She discerned that, like religion, the culture of football can help to create a sense of place, history and belonging. It can act as a kind of social magnet for communities to come together, similar to a place or worship for instance. But on a more sour note, these community bonds are under threat. “The right wing media encourages marginalised groups to blame each other for social issues,” says Dorothy, “such as the shortage of housing and state resources, and little is being done to demonstrate what these groups may have in common. Football and religion can help give meaning to people’s lives, however, this tribalism can also create fracture that draw them apart.”

It’s a topic explored in the director’s new film, The Masses. A poignant and visceral film, the 12-and-a-half minute short delves into the lives of three south Londoners, and their devotion to their respective religions; Islam, Christianity and football. Though they all reside in South Bermondsey, the three neighbours seemingly have little in common, but as the film unfurls, the question of just how much our identities are informed by our surroundings comes under fire. As us, the viewers, gain further insight into these three men, slowly, it becomes clear that they have much more in common than meets the eye.

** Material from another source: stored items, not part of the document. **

(* Let $t \geq 4$ and $n \geq 1$ be integers, let $t' = [t/2]$, $x = \left[\frac{nt'-1}{t'-1}\right]$, and write $x-2 = tq + r$ with integers $q$ and $0 \leq r \leq t-1$. Let $R = R_{t-2,t}(K_{1,n})$. Then $R = x+1$ if and only if one of the following conditions holds: (a) $r = t-1 > 2q+4$ and $x$ is even; (b) $r = t-1 > 2q+4$ and $x$ and $t$ are odd; (c) $r = t-1$, $x$ is odd, and $t$ and $q+1$ are even; (d) $r < t-2$ and $t > 2r+4$ and $t$ is even; (e) $r < t-2$ and $t > 2q+2r+5$ and $t$ is odd.
   Context: $[a]$ denotes the integer part (floor) of a real number $a$. $K_{1,n}$ is the star with $n$ edges. For a graph $G$ and integers $1 \leq s < t$, $R_{s,t}(G)$ is the smallest positive integer $N$ such that every coloring of the edges of the complete graph $K_N$ with $t$ colors contains a (not necessarily induced) subgraph isomorphic to $G$ whose edges use at most $s$ distinct colors. *)

From mathcomp Require Import all_boot all_order all_algebra.
Set Implicit Arguments. Unset Strict Implicit. Unset Printing Implicit Defensive.

(* An edge colouring of the complete graph K_N (vertex set 'I_N) with t colours
   (colour set 'I_t): a symmetric function on pairs of vertices; values on the
   diagonal are irrelevant. *)
Definition coloring (N t : nat) (c : 'I_N -> 'I_N -> 'I_t) : Prop :=
  forall u v, c u v = c v u.

(* A graph G = (V, e): e is a (symmetric, irreflexive) relation on a finite type V. *)
Definition has_few_colored_copy (V : finType) (e : rel V) (N t s : nat)
  (c : 'I_N -> 'I_N -> 'I_t) : Prop :=
  exists f : V -> 'I_N, injective f /\
    #|[set c (f u) (f v) | u in V, v in V & e u v]| <= s.

Definition ramsey_prop (V : finType) (e : rel V) (s t N : nat) : Prop :=
  forall c : 'I_N -> 'I_N -> 'I_t, coloring c -> has_few_colored_copy e s c.
Lemma m_hom gamma : (forall a, Hom (dt a) (dh a) (gamma a)) ->
  forall i, i \in Q0' -> Hom i i (mmap act Q0' gamma i).
Proof.
move=> Hg i Hi; apply: mk_Hom => [p N|p|x y]; first by rewrite /mmap (negbTE N) andbF.
  rewrite mmapE //; case: ifP => _; last by rewrite act0.
  rewrite act_sum; apply: eq_bigr => a /eqP E.
  have := Hom_in (Hg (dbar a)); rewrite dh_dbar E => Hin.
  by rewrite actZ actD act_epath_l phead_apath dh_dbar E eqxx evo_in.
apply: (rel_eval_guarded (mext_None gamma i) (fun r => mmapE gamma r Hi)) => _.
rewrite rel_eval_sum big1 // => a _.
rewrite rel_evalZ rel_evalD (rel_eval_lin (actL (ap (dbar a)))).
by rewrite (Hom_kill (Hg a)) (Hom_kill_mul (Hg (dbar a))) act0 addr0 scaler0.
Qed.

Lemma eps_lin (c : R) v w i p :
  epsmap act (c *: v + w) i p = c *: epsmap act v i p + epsmap act w i p.
Proof. by rewrite /epsmap; case: ifP => _; [apply: actL | rewrite scaler0 addr0]. Qed.

Lemma eps_homact x v i p : epsmap act (act x v) i p = homact x (epsmap act v i) p.
Proof.
rewrite /homact /epsmap act_mul.
by case: (boolP (phead p == i)) => Hp; case E: (pmul p x) => [r|] //=;
  rewrite (pmul_phead E) ?Hp ?(negbTE Hp).
Qed.

Lemma g_lin (c : R) kappa kappa' a p :
  gmap act (fun i q => c *: kappa i q + kappa' i q) a p
  = c *: gmap act kappa a p + gmap act kappa' a p.
Proof.
rewrite !gmapE; case: ifP => _; last by rewrite scaler0 addr0.
by rewrite /gext evo_lin actL scalerBr opprD addrACA.
Qed.

Lemma g_homact x kappa a p :
  gmap act (fun i => homact x (kappa i)) a p = homact x (gmap act kappa a) p.
Proof.
rewrite gmapE [RHS](evo_guarded _ (Some x) (gext_None kappa a) (gmapE kappa a)).
case: ifP => // _; rewrite /gext !evo_homact -omul_assoc.
by rewrite (omul_assoc (Some (ap a))).
Qed.

Lemma m_lin (c : R) gamma gamma' i p :
  mmap act Q0' (fun a q => c *: gamma a q + gamma' a q) i p
  = c *: mmap act Q0' gamma i p + mmap act Q0' gamma' i p.
Proof.
rewrite /mmap; case: ifP => _; last by rewrite scaler0 addr0.
rewrite scaler_sumr -big_split; apply: eq_bigr => a _.
rewrite /= evo_lin actL scalerA mulrC -scalerA -scalerDr; congr (_ *: _).
by rewrite scalerDr addrACA.
Qed.

Lemma m_homact x gamma i p :
  mmap act Q0' (fun a => homact x (gamma a)) i p = homact x (mmap act Q0' gamma i) p.
Proof.
case: (boolP (i \in Q0')) => Hi; last by rewrite /homact /mmap (negbTE Hi); case: (pmul p x).
rewrite mmapE // [RHS](evo_guarded _ (Some x) (mext_None gamma i) (fun r => mmapE gamma r Hi)).
case: ifP => // _; apply: eq_bigr => a _; rewrite !evo_homact.
by rewrite (omul_assoc (Some (ap a)) (Some p) (Some x)).
Qed.

(* Exactness at V: v = sum_i e_i v. *)
Lemma eps_inj v : (forall i p, epsmap act v i p = 0) -> v = 0.
Proof.
move=> H; rewrite -(act_sum_epath v) big1 // => i _.
by have := H i (ep i); rewrite /epsmap phead_epath eqxx.
Qed.
(* [sup set0 = 0], so [s] need only be attained when it is positive. *)
Lemma sup_nneg_attained (R : realType) (E : set R) (s : R) : 0 <= s ->
  (forall y, E y -> 0 <= y <= s) -> (0 < s -> E s) -> sup E = s.
Proof.
move=> s0 Es_ub Es.
have [[y Ey]|nE] := pselect (exists y, E y); last first.
  have [s_gt0|] := ltP 0 s; first by case: nE; exists s; apply: Es.
  move=> s_le0; have -> : E = set0 by apply/seteqP; split => z // Ez; case: nE; exists z.
  by rewrite sup0; apply/le_anti; rewrite s0 s_le0.
have ubE : has_ubound E by exists s => z /Es_ub /andP[].
apply/le_anti/andP; split; first by apply: ge_sup; [exists y | move=> z /Es_ub /andP[]].
have [/Es Es_in|s_le0] := ltP 0 s; first exact: ub_le_sup.
have /andP[y0 _] := Es_ub y Ey.
exact: le_trans s_le0 (le_trans y0 (ub_le_sup ubE Ey)).
Qed.

Lemma bigmax_cards1 d (T : orderType d) (I : finType) (x : T) (f : {set I} -> T) :
  \big[Order.max/x]_(L : {set I} | #|L| == 1%N) f L = \big[Order.max/x]_i f [set i].
Proof.
apply/le_anti/andP; split.
  apply: bigmax_le => [|L]; first exact: bigmax_ge_id.
  by case/cards1P => i ->; apply: le_bigmax.
apply: bigmax_le => [|i _]; first exact: bigmax_ge_id.
by apply: le_bigmax_cond; rewrite cards1.
Qed.

Definition eventually_right0 (R : realFieldType) (P : R -> Prop) :=
  exists2 t0 : R, 0 < t0 & forall t, 0 < t <= t0 -> P t.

GalleryDorothy Allen-Pickard: The Masses

“Rather than replicate the toxic narratives of the media that focus on differences,” continues Dorothy, “I aim to explore how, as the MP Jo Cox stated – who was murdered in 2016 by a far-right extremist: We are far more united and have far more in common than that which divides us." The deeply human film responds to a series of startling statistics that the director sought to respond to. According to the Independent for example, religious hate crime has risen 40 per cent in England and Wales in the past year, with more than half of it directed at Muslims. Kick it Out reported a 22 per cent increase in racism amongst football fans in the UK while The Guardian declared that a new £2 billion regeneration project could see Millwall FC’s stadium demolished.

Instead of further separating the divide between these three camps however, The Masses brings them together, providing a shared context for these three men residing in the same borough. It offers a subjective insight into three distinct community’s understanding of the world, touching on aspects of life universally understood. Tensions between family members, worship, not to mention a desire to belong somewhere, or at least feel like you belong.

For the director, shooting the film and in turn being welcomed into the different communities, was a great experience. She recalls how she got to know the religious leaders and devout football fans, attending services and games, eventually understanding “why people live for football and religion.” One particular highlight involved listening to each protagonist singing in tribute to their respective cause. “I was blown away by the quality of their voices,” remembers Dorothy, who used the resounding footage for the film’s opening, layering the three harmonious baritones against one another in the final edit. “I’d love for The Masses to encourage viewers to celebrate our differences and similarities,” she finally goes on to say, posing that “if these three men can understand each other’s perspectives, what’s to say it can’t happen on a larger scale?”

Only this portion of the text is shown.